_Work to complete:_ Scan the data below for the string "move". Show every line where it turns up.

_Data to use:_
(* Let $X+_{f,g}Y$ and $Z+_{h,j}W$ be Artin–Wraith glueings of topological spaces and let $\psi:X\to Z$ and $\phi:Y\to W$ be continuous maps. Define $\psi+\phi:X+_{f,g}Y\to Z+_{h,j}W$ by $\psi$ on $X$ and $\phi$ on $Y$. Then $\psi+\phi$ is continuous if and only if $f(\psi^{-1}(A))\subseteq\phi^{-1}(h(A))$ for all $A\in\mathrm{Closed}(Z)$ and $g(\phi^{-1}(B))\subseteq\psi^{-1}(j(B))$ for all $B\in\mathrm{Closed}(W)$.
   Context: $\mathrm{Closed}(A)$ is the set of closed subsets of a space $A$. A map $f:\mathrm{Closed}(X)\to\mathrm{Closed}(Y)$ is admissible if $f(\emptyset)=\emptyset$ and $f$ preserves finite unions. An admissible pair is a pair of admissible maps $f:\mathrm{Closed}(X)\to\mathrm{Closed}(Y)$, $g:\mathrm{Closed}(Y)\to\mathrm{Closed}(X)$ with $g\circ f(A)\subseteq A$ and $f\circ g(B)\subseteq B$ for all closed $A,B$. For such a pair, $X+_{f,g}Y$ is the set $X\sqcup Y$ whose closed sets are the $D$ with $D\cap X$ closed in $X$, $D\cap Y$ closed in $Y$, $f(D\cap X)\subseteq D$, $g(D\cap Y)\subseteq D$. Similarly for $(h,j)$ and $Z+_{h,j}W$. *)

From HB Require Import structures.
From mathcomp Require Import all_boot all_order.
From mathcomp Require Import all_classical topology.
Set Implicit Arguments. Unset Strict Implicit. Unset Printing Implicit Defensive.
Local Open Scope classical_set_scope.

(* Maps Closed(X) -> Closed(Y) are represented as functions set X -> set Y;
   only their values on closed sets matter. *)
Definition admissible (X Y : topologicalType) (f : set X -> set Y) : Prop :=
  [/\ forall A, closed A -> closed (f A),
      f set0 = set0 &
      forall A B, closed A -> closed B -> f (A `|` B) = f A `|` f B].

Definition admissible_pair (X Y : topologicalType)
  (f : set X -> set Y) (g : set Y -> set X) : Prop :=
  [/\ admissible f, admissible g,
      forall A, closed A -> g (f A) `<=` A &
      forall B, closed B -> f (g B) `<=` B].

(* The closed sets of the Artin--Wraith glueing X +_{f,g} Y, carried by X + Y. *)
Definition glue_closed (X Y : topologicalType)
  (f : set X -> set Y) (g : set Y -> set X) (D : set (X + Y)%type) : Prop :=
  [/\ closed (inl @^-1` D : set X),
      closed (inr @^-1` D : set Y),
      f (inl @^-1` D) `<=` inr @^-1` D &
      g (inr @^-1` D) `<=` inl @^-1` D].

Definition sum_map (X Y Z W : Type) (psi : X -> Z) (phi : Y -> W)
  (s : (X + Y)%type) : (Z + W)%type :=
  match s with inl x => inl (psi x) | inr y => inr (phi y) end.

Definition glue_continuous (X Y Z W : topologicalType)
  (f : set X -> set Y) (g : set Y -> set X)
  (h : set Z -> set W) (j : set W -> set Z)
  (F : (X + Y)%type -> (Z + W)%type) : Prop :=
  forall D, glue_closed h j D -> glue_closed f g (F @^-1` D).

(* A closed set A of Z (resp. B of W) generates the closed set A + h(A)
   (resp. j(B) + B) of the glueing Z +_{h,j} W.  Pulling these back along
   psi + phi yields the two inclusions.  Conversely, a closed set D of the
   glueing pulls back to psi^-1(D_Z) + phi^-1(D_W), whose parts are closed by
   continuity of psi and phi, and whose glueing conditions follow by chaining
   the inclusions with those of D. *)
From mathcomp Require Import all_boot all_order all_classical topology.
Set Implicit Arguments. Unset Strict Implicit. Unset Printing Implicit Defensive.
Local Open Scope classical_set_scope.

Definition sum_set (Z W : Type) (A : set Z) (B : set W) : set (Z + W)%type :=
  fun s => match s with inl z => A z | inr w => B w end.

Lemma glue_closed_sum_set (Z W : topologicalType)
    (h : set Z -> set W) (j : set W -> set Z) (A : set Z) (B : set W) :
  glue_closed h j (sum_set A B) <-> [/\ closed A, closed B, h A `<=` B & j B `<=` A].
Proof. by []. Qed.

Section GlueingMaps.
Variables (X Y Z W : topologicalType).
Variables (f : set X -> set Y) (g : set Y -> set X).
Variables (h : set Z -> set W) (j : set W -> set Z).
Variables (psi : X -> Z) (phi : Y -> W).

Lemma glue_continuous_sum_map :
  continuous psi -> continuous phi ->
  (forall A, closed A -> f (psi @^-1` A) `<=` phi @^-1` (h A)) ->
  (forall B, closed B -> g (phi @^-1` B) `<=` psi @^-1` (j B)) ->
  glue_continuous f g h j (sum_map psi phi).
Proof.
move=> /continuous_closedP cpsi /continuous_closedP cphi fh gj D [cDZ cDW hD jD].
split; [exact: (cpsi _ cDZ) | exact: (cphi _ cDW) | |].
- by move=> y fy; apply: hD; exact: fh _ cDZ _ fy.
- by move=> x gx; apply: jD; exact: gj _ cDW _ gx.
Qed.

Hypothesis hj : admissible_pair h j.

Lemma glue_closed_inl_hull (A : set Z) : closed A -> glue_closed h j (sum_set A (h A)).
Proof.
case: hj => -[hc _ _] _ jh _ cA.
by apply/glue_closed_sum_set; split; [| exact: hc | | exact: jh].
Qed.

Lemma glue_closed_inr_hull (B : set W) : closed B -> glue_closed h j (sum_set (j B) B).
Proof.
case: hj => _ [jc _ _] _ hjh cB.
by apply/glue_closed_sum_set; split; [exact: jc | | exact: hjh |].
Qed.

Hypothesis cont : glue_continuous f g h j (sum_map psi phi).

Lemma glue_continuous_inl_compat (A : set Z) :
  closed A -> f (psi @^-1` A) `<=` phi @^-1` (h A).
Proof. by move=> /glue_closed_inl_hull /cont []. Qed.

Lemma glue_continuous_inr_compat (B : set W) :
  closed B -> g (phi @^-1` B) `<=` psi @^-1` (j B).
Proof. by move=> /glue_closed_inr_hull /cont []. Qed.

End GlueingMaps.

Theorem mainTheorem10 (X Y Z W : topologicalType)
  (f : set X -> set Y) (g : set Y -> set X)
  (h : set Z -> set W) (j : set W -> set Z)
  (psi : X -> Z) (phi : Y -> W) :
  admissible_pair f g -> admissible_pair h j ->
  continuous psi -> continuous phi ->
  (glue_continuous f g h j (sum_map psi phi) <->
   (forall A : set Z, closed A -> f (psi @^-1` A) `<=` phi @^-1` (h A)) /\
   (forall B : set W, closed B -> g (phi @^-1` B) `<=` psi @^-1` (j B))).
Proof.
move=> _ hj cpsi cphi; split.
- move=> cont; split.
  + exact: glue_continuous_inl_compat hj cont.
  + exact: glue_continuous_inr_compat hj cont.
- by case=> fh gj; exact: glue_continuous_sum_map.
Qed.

_Answer to this exercise:_
move=> /continuous_closedP cpsi /continuous_closedP cphi fh gj D [cDZ cDW hD jD].
- by move=> y fy; apply: hD; exact: fh _ cDZ _ fy.
- by move=> x gx; apply: jD; exact: gj _ cDW _ gx.
Proof. by move=> /glue_closed_inl_hull /cont []. Qed.
Proof. by move=> /glue_closed_inr_hull /cont []. Qed.
move=> _ hj cpsi cphi; split.
- move=> cont; split.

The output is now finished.